As for what I prefer, I lean more toward simple punchy writing, rather elaborate, artistic prose. I've tried my hand at beautiful, Ray Bradbury-esque writing, but it's really not my natural tone.

Since then, I've learned to travel the path of least resistance and write how I feel most comfortable. As a result, my style has come out on its own. :encouragement:


----------



## Tettsuo (Mar 10, 2014)

I find it funny that a reviewer noted I have a very descriptive style.

I don't think my style is descriptive at all!

So what you perceive is lacking in description, may not be at all in-line with what others think of your work.  Just something to think about.


----------



## bookmasta (Mar 10, 2014)

Cadence said:


> Competition? There's no competition. My activities have no effect on your success; you are only competing with yourself. And in that case, you should stop that - seek support, not competition, if you want to succeed.



This. That is, after all, the point of a writing forums such as WF.


----------



## Outiboros (Mar 10, 2014)

ViKtoricus said:


> I'd like to start a discussion about this whole writing style thing in general. Which do you prefer? Which is your writing style? Are you in between? Etc.


I couldn't say with certainty. I can't value my own writing style, just as I can't describe my own voice. It's just natural to me. Though I do find my writing style varies greatly between projects; in a satiric fantasy story, it was much more bare-bones and to-the-point than in my science fiction stories and one epic fantasy story, where I allowed myself to be more verbose.

I'd say I tend more towards the descriptive and the introspective. One thing I can say for sure is that I always stick very close to the minds of my characters, and that the world I write is described only through how they perceive it. I only barely have scenes like the first example, where there is no perceiving character but only a incorporeal narrator.

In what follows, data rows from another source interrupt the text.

(* On tuples, df is a sum of the action term and of f composed with the
   (admissible) face maps, so it inherits the rigidification of f. *)
Lemma dcoch_hA : hA (pow (mst G) n.+1) (fun t => dcoch act f (tup2seq t)).
Proof.
case: HhA => h0 hB hF _ hact; case: fcoch => _ Hf _.
apply: (hA_ext (f := fun t => act t.1 (f (tup2seq t.2)) +
   \sum_(i <- index_iota 1 n.+1) sgn i (f (tup2seq (mergetup (@mmul C G) i.-1 t))) +
   sgn n.+1 (f (tup2seq (droptup t))))).
  case=> x t; rewrite [tup2seq _]/= dcochE size_tup2seq droptupE.
  congr (_ + _ + _); apply: eq_big_nat => i /andP [Hi1 Hi2].
  by rewrite mergetupE // -ltnS prednK.
apply: (hA_add h0 hB); last exact: (hA_sgn h0 hB) (hF _ _ _ _ _ (adm_droptup G n) _ Hf).
apply: (hA_add h0 hB); first exact: (hact _ _ _ Hf).
apply: (hA_sum h0 hB) => i; apply: (hA_sgn h0 hB).
exact: (hF _ _ _ _ _ (adm_mergetup G n i.-1) _ Hf).
Qed.

Lemma dcoch_cochain : cochain hA n.+1 (dcoch act f).
Proof. by split; [exact: dcoch_supp | exact: dcoch_hA | move=> *; exact: dcoch_normal]. Qed.

End Cochain.
End Differential.

Section Filtration.
Variables (C : topcat) (G Q : monobj C) (pi : mcar G -> mcar Q).
Variables (A : zmodType) (act : mcar G -> A -> A).
Variable (hA : forall X : Type, st C X -> (X -> A) -> Prop).
Hypothesis HA : is_module act.
Hypothesis HhA : is_rigidification act hA.

Definition descends (f : seq (mcar G) -> A) :=
  forall x1 x2, map pi x1 = map pi x2 -> f x1 = f x2.

Lemma cochain_zero n (f : seq (mcar G) -> A) : f =1 (fun _ => 0) -> cochain hA n f.
Proof.
case: HhA => h0 _ _ _ _ Hf; split=> [s _|| s1 s2 _]; rewrite ?Hf //.
by apply: hA_ext (h0 _ _) => t; rewrite Hf.
Qed.

Lemma Ifilt_zero j n : Ifilt pi hA j n (fun _ => 0).
Proof.
case: HhA => h0 _ _ _ _.
by split=> [|//|_]; [apply: cochain_zero | exists (fun _ => 0)].
Qed.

Here and there a small introductory passage, maybe, but never more than that. It's always through the characters with me.

What you get is that the characters each get their own 'voice'. In my current WIP, a science-fiction story, the narration is split between a group of children, a Doctor of Neurology, and a Navy Captain, who all have developed their own prose. It's fun to switch from the Doctor - heavy, verbose, cynical, introspective - to the children - colourful, simpler, much less intellectual and far more social.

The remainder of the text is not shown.